Zoli and Picciotto (2012) examined the role of nicotine in energy homeostasis.  Cigarette smoke exposure results in inhibition of NPY in the PVN, which would result in inhibited food intake.  Evidence for the relationship between leptin and nicotine has been sparse and inconclusive.  Varying doses, styles of administration, and food restrictions have yielded different results on the relation between nicotine and leptin (Zoli & Picciotto, 2012).  Leptin is thought to be involved with weight changes associated with chronic smoking and abstinence. Perkins and Fonte (2002) report male and female smokers had a significant increase in weight 3 weeks after quitting smoking.  Leptin levels were increased in women, but there were no changes in men. The researchers expected for leptin levels to decrease and stimulate hunger rather than increase, so the effect of nicotine on weight was not attributed to changes in leptin.

Hunger and satiety hormones need greater investigation to gain a clear grasp in their role on nicotine craving and reward.  Ghrelin and peptide YY seem to relate to withdrawal symptoms and maintained abstinence versus relapse (al’Absi et al., 2014).  These hormones can potentially aid in the development of different smoking cessation methods.  It is unclear if leptin is related to these concepts or has an association with weight changes of smoking and abstinence (Perkins & Fonte, 2002).  Research into these hormones need more evidence and the mechanism of action must be explored. 

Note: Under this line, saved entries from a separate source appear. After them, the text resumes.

(* [q = L - k0] is chosen so that the leading exponent [c - q - k0] is [{c} - 1]. *)
Lemma phase_derivative_bounds k0 :
  (k0 < L)%nat ->
  exists klo khi delta, 0 < klo /\ 0 < khi /\ 0 < delta /\
  forall N h, 1 <= INR N -> leading_index L h k0 -> hnorm L h <= delta * INR N ->
    (forall y, INR N <= y <= (INR L + 2) * INR N ->
       klo * Rpower (INR N) (fracp c - 1) <= Rabs (phase c m L h (L - k0) y) <=
       khi * hnorm L h * Rpower (INR N) (fracp c - 1)) /\
    sign_constant_on (phase c m L h (L - k0)) (INR N) ((INR L + 2) * INR N) /\
    sign_constant_on (phase c m L h (S (L - k0))) (INR N) ((INR L + 2) * INR N).
Proof.
  intros Hk0. set (q := (L - k0)%nat).
  assert (Hb1 : c - INR q - INR k0 = fracp c - 1)
    by (replace (INR k0) with (INR L - INR q) by (rewrite <- minus_INR by lia; f_equal; lia); lra).
  destruct (hpow_leading_term L (c - INR q) k0 Hk0 (ffact_nonzero q k0))
    as [d1 [k1 [k2 [Hd1 [Hk1 [Hk2 Hlead1]]]]]].
  destruct (hpow_leading_term L (c - INR (S q)) k0 Hk0 (ffact_nonzero (S q) k0))
    as [d2 [k1' [k2' [Hd2 [_ [_ Hlead2]]]]]].
  set (A := / INR m * Rabs (ffact c q)).
  assert (HA : 0 < A).
  { apply Rmult_lt_0_compat; [apply Rinv_0_lt_compat, lt_0_INR; lia|].
    apply Rabs_pos_lt, ffact_c_nonzero. }
  assert (HL2 : 0 < INR L + 2) by (pose proof (pos_INR L); lra).
  exists (A * k1 * Rpower (INR L + 2) (fracp c - 1)), (A * k2), (Rmin d1 d2).
  split; [apply Rmult_lt_0_compat; [nra | apply exp_pos]|].
  split; [nra|]. split; [now apply Rmin_glb_lt|].
  intros N h HN Hlead HH. set (W := hnorm L h) in *.
  assert (Hh : forall l, (l < L)%nat -> Rabs (IZR (h l)) <= W) by (intros; now apply hnorm_ge).
  assert (HW : 0 <= W) by (eapply Rle_trans; [apply Rabs_pos | apply (Hh 0%nat); lia]).
  assert (Hdy : forall y, INR N <= y -> W <= d1 * y /\ W <= d2 * y).
  { intros y Hy. pose proof (Rmin_l d1 d2); pose proof (Rmin_r d1 d2).
    pose proof (Rmin_glb_lt d1 d2 0 Hd1 Hd2). split; nra. }
  split; [|split].
  - intros y Hy. destruct (Hdy y (proj1 Hy)) as [Hy1 _].
    destruct (Hlead1 h W y Hlead Hh ltac:(lra) Hy1) as [_ [Hlo Hhi]]. rewrite Hb1 in Hlo, Hhi.
    destruct (Rpower_nonpos_between (INR N) y (INR L + 2) (fracp c - 1)) as [Hlow Hup]; try lra.
    rewrite Rabs_phase by auto. fold A. rewrite !Rmult_assoc.
    split; apply Rmult_le_compat_l; try lra.
    + eapply Rle_trans; [|apply Hlo]. apply Rmult_le_compat_l; lra.
    + eapply Rle_trans; [apply Hhi|]. rewrite Rmult_assoc.
      apply Rmult_le_compat_l; [lra|]. apply Rmult_le_compat_l; lra.
  - apply phase_sign_constant with (newton_coef L h k0 * ffact (c - INR q) k0);
      auto using ffact_c_nonzero.
    intros y Hy. destruct (Hdy y (proj1 Hy)) as [Hy1 _].
    now apply (Hlead1 h W y Hlead Hh ltac:(lra) Hy1).
  - apply phase_sign_constant with (newton_coef L h k0 * ffact (c - INR (S q)) k0);
      auto using ffact_c_nonzero.
    intros y Hy. destruct (Hdy y (proj1 Hy)) as [_ Hy2].
    now apply (Hlead2 h W y Hlead Hh ltac:(lra) Hy2).
Qed.

(* Difference [p = L - k0 - 1] times, finish with Kusmin-Landau, and choose the
   parameter [T] of [exists_vdc_parameter]. *)
Lemma expsum_bound_leading k0 :
  (k0 < L)%nat ->
  exists C delta, 0 < C /\ 0 < delta /\
  forall N h, (0 < N)%nat -> leading_index L h k0 -> 1 <= hnorm L h ->
    hnorm L h <= delta * Rpower (INR N) (1 - fracp c) ->
    Cmod (expsum c m L h N) <= C * hnorm L h * Rpower (INR N) (1 - saving c).
Proof.
  intros Hk0. set (p := (L - S k0)%nat).
  destruct (phase_derivative_bounds k0 Hk0)
    as [klo [khi [d0 [Hklo [Hkhi [Hd0 Hph]]]]]].
  replace (L - k0)%nat with (S p) in Hph by lia.
  destruct (expsum_le_differenced c m L p) as [Kp [HKp Hdiff]].
  destruct (saving_bounds c p Hfc) as [He0 [He1 [He2 He3]]].
  { assert (INR (S p) <= INR L) by (apply le_INR; lia). lra. }
  exists (Kp * (Rpower (4 * khi) (/ 2 ^ S p) + 1 + Rpower (4 / klo) (/ 2 ^ p))),
         (Rmin d0 (/ (4 * khi))).
  split; [apply Rmult_lt_0_compat; [lra | pose proof (exp_pos (/ 2 ^ S p * ln (4 * khi)));
           pose proof (exp_pos (/ 2 ^ p * ln (4 / klo))); unfold Rpower; lra]|].
  split; [apply Rmin_glb_lt; [lra | apply Rinv_0_lt_compat; lra]|].
  intros N h HN Hlead HH1 HHN.
  assert (HN1 : 1 <= INR N) by (apply (le_INR 1); lia).
  assert (HNI : INR N <= INR N <= (INR L + 2) * INR N) by (pose proof (pos_INR L); nra).
  assert (HX : 0 < Rpower (INR N) (fracp c - 1)) by apply exp_pos.
  destruct (Hph N h HN1 Hlead) as [Hb [Hs1 Hs2]].
  { eapply Rle_trans; [apply HHN|].
    apply Rmult_le_compat; [| left; apply exp_pos | apply Rmin_l | apply Rpower_le_self; lra].
    apply Rlt_le, Rmin_glb_lt; [lra | apply Rinv_0_lt_compat; lra]. }
  set (Lam := khi * hnorm L h * Rpower (INR N) (fracp c - 1)) in *.
  assert (HLam : 0 < Lam <= / 4).
  { split; [apply Rmult_lt_0_compat; [apply Rmult_lt_0_compat|]; lra|].
    assert (HHX : hnorm L h * Rpower (INR N) (fracp c - 1) <= / (4 * khi)).
    { replace (fracp c - 1) with (- (1 - fracp c)) by ring.
      apply Rpower_opp_mul_le; [lra|]. eapply Rle_trans; [apply HHN|].
      apply Rmult_le_compat_r; [left; apply exp_pos | apply Rmin_r]. }
    unfold Lam. rewrite Rmult_assoc.
    apply Rle_trans with (khi * / (4 * khi)); [apply Rmult_le_compat_l; lra | right; field; lra]. }
  assert (Hlam : 0 < klo * Rpower (INR N) (fracp c - 1) <= / 2)
    by (pose proof (Hb (INR N) HNI); split; [apply Rmult_lt_0_compat|]; lra).
  destruct (exists_vdc_parameter Lam (INR N) p HLam HN1) as [T [HT [HTN [HTL HNT]]]].
  eapply Rle_trans; [apply (Hdiff N h T (klo * Rpower (INR N) (fracp c - 1)) Lam); auto; lia|].
  rewrite !Rmult_assoc. apply Rmult_le_compat_l; [lra|]. rewrite <- !Rmult_assoc.
  now apply vdc_terms_le.
Qed.

End Fixed_exponent.

Lemma uniform_constants (n : nat) (P : nat -> R -> R -> Prop) :
  (forall k C d C' d', P k C d -> C <= C' -> 0 < d' <= d -> P k C' d') ->
  (forall k, (k < n)%nat -> exists C d, 0 < C /\ 0 < d /\ P k C d) ->
  exists C d, 0 < C /\ 0 < d /\ forall k, (k < n)%nat -> P k C d.
Proof.
  intros Hmono. induction n as [|n IH]; intros Hall.
  - exists 1, 1. repeat split; try lra. intros; lia.
  - destruct IH as [C1 [d1 [HC1 [Hd1 H1]]]]; [intros; apply Hall; lia|].
    destruct (Hall n ltac:(lia)) as [C2 [d2 [HC2 [Hd2 H2]]]].
    exists (Rmax C1 C2), (Rmin d1 d2).
    pose proof (Rmax_l C1 C2); pose proof (Rmax_r C1 C2).
    pose proof (Rmin_l d1 d2); pose proof (Rmin_r d1 d2); pose proof (Rmin_glb_lt d1 d2 0 Hd1 Hd2).
    split; [lra|]. split; [lra|].
    intros k Hk. destruct (Nat.eq_dec k n) as [->|Hne].
    + apply (Hmono n C2 d2); auto; lra.
    + apply (Hmono k C1 d1); [apply H1; lia | lra | lra].
Qed.

Lemma floor_succ_spec c :
  1 < c -> (forall z : Z, c <> IZR z) ->
  INR (Z.to_nat (rfloor c) + 1) = c - fracp c + 1 /\ 0 < fracp c < 1.
Proof.
  intros Hc Hz. unfold fracp, rfloor. destruct (base_Int_part c) as [H1 H2].
  assert (H3 : IZR (Int_part c) < c)
    by (destruct H1 as [|H1]; auto; exfalso; now apply (Hz (Int_part c))).
  assert (Hp : (0 <= Int_part c)%Z) by (apply le_IZR; lra).
  rewrite plus_INR, INR_IZR_INZ, Z2Nat.id by auto. simpl. split; [ring | lra].
Qed.

Theorem proposition2 :
  forall (c : R), 1 < c -> (forall z : Z, c <> IZR z) ->
  forall (m : nat), (0 < m)%nat ->
  let L := (Z.to_nat (rfloor c) + 1)%nat in
  exists (C0 delta : R), 0 < C0 /\ 0 < delta /\
    forall (N : nat) (h : nat -> Z),
      (0 < N)%nat ->
      (exists l, (l < L)%nat /\ h l <> 0%Z) ->
      hnorm L h <= delta * Rpower (INR N) (1 - fracp c) ->
      Cmod (expsum c m L h N)
        <= C0 * hnorm L h * Rpower (INR N) (1 - dist_int c / Rpower 2 (c + 1)).
Proof.
  intros c Hc Hz m Hm L.
  destruct (floor_succ_spec c Hc Hz) as [HL Hfc]. fold L in HL.
  destruct (uniform_constants L (fun k C0 delta => forall N h,
      (0 < N)%nat -> leading_index L h k -> 1 <= hnorm L h ->
      hnorm L h <= delta * Rpower (INR N) (1 - fracp c) ->
      Cmod (expsum c m L h N) <= C0 * hnorm L h * Rpower (INR N) (1 - saving c)))
    as [C0 [delta [HC0 [Hdelta Hall]]]].
  - intros k C d C' d' Hk HC Hd N h HN Hlead HH1 HH.
    eapply Rle_trans; [apply Hk; auto|].
    + eapply Rle_trans; [apply HH|]. apply Rmult_le_compat_r; [left; apply exp_pos | lra].
    + apply Rmult_le_compat_r; [left; apply exp_pos|]. apply Rmult_le_compat_r; lra.
  - intros k Hk. exact (expsum_bound_leading c m L Hz Hm HL Hfc k Hk).
  - exists C0, delta. split; [auto|]. split; [auto|]. intros N h HN Hh HH.
    destruct (leading_index_exists L h Hh) as [k0 [Hk0 Hlead]].
    exact (Hall k0 Hk0 N h HN Hlead (hnorm_ge_1 L h Hh) HH).
Qed.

Conclusions and Future Directions

It is difficult to get a clear grasp of the relationship between nicotine and the endocrine system.  This is due to the huge variety in research on different hormones, different types of administration, varying doses, and withdrawal and abstinence.  However, nicotine and endocrinology have a relationship that must be further explored.  This research may be able to contribute to understanding nicotine use behavior, as well as grasping differences between those who quit smoking and those relapse.  The more factors that can be identified to explain the difference between those two groups improves the chances of developing interventions and medications to target these systems and provide opportunities individuals for successful cessation attempts. 

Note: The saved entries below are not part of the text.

Variables (n : nat) (I J : vec n -> Prop) (g : vec n) (a b : vec n -> vec n).
Hypotheses (mI : monomial_ideal I) (mJ : monomial_ideal J).
Hypotheses (gI : forall x, min_gen I x -> vle x g) (gJ : forall x, min_gen J x -> vle x g).
Hypothesis part : interval_partition (char_poset I J g) a b.

Let P := char_poset I J g.
Let Z x := eq_coords (b x) g.

(* the cones of the Stanley decomposition are anchored at the points of P
   that agree with the bottom of their block on the coordinates of Z *)
Let anchor x : vec n := [ffun j => if j \in Z x then a x j else x j].
Let is_anchor x := P x /\ anchor x = x.

Lemma anchor_in_block x : P x -> in_interval (a x) (b x) (anchor x).
Proof.
move=> /part [[ax xb] _]; split=> j; rewrite ffunE; case: ifP => // _.
exact: leq_trans (ax j) (xb j).
Qed.

Lemma block_anchor x : P x -> P (anchor x) /\ a (anchor x) = a x /\ b (anchor x) = b x.
Proof. by move=> Px; apply: (part Px).2; apply: anchor_in_block. Qed.

Lemma is_anchor_anchor x : P x -> is_anchor (anchor x).
Proof.
move=> Px; have [Pan [ea eb]] := block_anchor Px.
split=> //; apply/ffunP => j; rewrite /anchor /Z ea eb !ffunE.
by case: (j \in _).
Qed.

Lemma cone_in_block x c : is_anchor x -> in_cone x (Z x) c -> in_interval (a x) (b x) (vmin c g).
Proof. by move=> [Px _]; apply: vmin_in_interval (part Px).1 Px.1. Qed.

Lemma cone_sub x c : is_anchor x -> in_cone x (Z x) c -> I c /\ ~ J c.
Proof.
move=> [Px eqx] xc; apply/(char_poset_vmin c mI mJ gI gJ).
exact: ((part Px).2 _ (cone_in_block (conj Px eqx) xc)).1.
Qed.

Lemma in_cone_anchor c : I c -> ~ J c ->
  in_cone (anchor (vmin c g)) (Z (anchor (vmin c g))) c.
Proof.
move=> Ic nJc; set p := vmin c g; have Pp : P p by apply/char_poset_vmin.
have [[ap pb] _] := part Pp.
have bg : vle (b p) g := ((part Pp).2 _ (conj (vle_trans ap pb) (vle_refl _))).1.1.
have pc : vle p c by move=> j; rewrite ffunE geq_minl.
rewrite /Z (block_anchor Pp).2.2; split=> j; rewrite ffunE.
  by case: ifP => _; [exact: leq_trans (ap j) (pc j) | exact: pc].
rewrite inE => jZ; rewrite (negbTE jZ); apply/eqP; rewrite eqn_leq pc andbT.
have := pb j; have := bg j; move: jZ; rewrite /p !ffunE; lia.
Qed.

Lemma anchor_unique x c : is_anchor x -> in_cone x (Z x) c -> x = anchor (vmin c g).
Proof.
move=> [Px eqx] xc; have [_ [ea eb]] := (part Px).2 _ (cone_in_block (conj Px eqx) xc).
rewrite -{1}eqx; apply/ffunP => j; rewrite !ffunE /Z ea eb.
case: ifP => // jZ; rewrite xc.2 ?jZ //; exact/esym/minn_idPl/(Px.1 j).
Qed.

Lemma interval_partition_sdepth_ge (d : int) :
  (forall x, P x -> (d <= (nb_eq (b x) g)%:Z)%R) -> sdepth_ge I J d.
Proof.
move=> depth.
have [k [e [ane e_inj e_onto]]] := bounded_enum (fun x (ax : is_anchor x) => ax.1.1).
exists k, e, (fun t => Z (e t)); split; last by move=> t; apply: depth (ane t).1.
split=> [t c|c Ic nJc]; first exact: cone_sub (ane t).
have Pc : P (vmin c g) by apply/char_poset_vmin.
have [t et] := e_onto _ (is_anchor_anchor Pc).
exists t; split=> [|s cs]; first by rewrite et; apply: in_cone_anchor.
by apply: e_inj; rewrite et (anchor_unique (ane s) cs).
Qed.

End StanleyOfPartition.

Lemma preimage_monomial_ideal n n' (phi : vec n -> vec n') (I' : vec n' -> Prop) :
  monotonic phi -> monomial_ideal I' -> monomial_ideal (preimage_ideal phi I').
Proof. by move=> mono mI' a b Ia ab; apply: mI' Ia (mono _ _ ab). Qed.
(* Since [G] is étale, [r] and [s] are continuous open maps and [G^(0)] is
   open.  Two arrows have the same image under [rho] exactly when they have
   the same range and source, so [rho^-1 (rho G^(0)) = Iso(G)], which gives
   (1) <-> (3), and (4) -> (3) trivially.  If [Iso(G)] is open and [g = h b]
   with [g] in an open [U] and [b] isotropy, then for [h'] near [h] the open
   set [r(Iso(G) near b)] contains [s h'], which yields an isotropy arrow [b']
   near [b] with [h' b'] in [U]: so [rho] is open.  For (1) <-> (2): the
   Fell-subbasic preimages are [r(U ∩ Iso(G))] and the complement of the
   compact [r(K ∩ Iso(G))] ([Iso(G)] is closed as [G] is Hausdorff), and
   conversely, testing lower semicontinuity on an open bisection around an
   isotropy arrow shows that [Iso(G)] is a neighbourhood of it.  Finally the
   groupoid operations descend along [rho] through representatives, and the
   openness of [rho] transports continuity and the local homeomorphism
   property of [r] and [s] to the quotient. *)

Lemma open_map_nbhs {X Y : topologicalType} {f : X -> Y} {x : X} {A : set X} :
  open_map f -> nbhs x A -> nbhs (f x) (f @` A).
Proof.
move=> fo nA; apply: (@filterS _ _ _ (f @` A°)).
  by move=> _ [a Aa <-]; exists a => //; exact: interior_subset.
apply: open_nbhs_nbhs; split; first by apply: fo; exact: open_interior.
by exists x => //; exact: nbhs_interior.
Qed.

Lemma open_map_factor_continuous {X Y X' Y' : topologicalType}
    {p : X -> Y} {q : X' -> Y'} {F : X -> X'} {f : Y -> Y'} :
  open_map p -> (forall y, exists x, p x = y) -> continuous q -> continuous F ->
  (forall x, f (p x) = q (F x)) -> continuous f.
Proof.
move=> op p_surj cq cF fpE y W; have [x <-] := p_surj y; rewrite fpE => nW.
have nx : nbhs x (F @^-1` (q @^-1` W)) by apply: cF; apply: cq.
by apply: filterS (open_map_nbhs op nx) => _ [x' Wx' <-]; rewrite /= fpE.
Qed.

Manbeck, Shelley, Schmidt, and Harris (2014) reported an effect of oxytocin on blocking somatic symptoms associated with nicotine withdrawal, but not negative affect.  However, reducing somatic symptoms may attenuate anhedonia in some individuals, or pairing oxytocin with a pharmacological smoking cessation agent with antidepressive effects such as bupropion may yield positive results.  Additionally, the association of peptide YY with lower craving and increased positive affect in abstinent smokers may serve as useful information for smoking cessation (al’Absi et al., 2014).  Lastly, a greater understanding of ovarian hormones and how they can influence nicotine-related behaviors may help determine why some individuals have a greater sensitivity to the effects of nicotine. 

Research on nicotine use and behavior as related to the endocrine system should solidify established concepts and expand upon them.  The fluctuations in hormones at different time point can potentially help to explain differences in cessation success amongst a variety of individuals.  Additionally, the array of implicated hormones should be considered when an individual is deciding to make a quit attempt.  Future research should involve manipulating hormones in animal models with the goal of decreasing the desire to obtain nicotine.  However, until the mechanisms through which hormones may manipulate the effects of nicotine, and how nicotine affects hormonal systems, practical application of the findings in the literature is limited.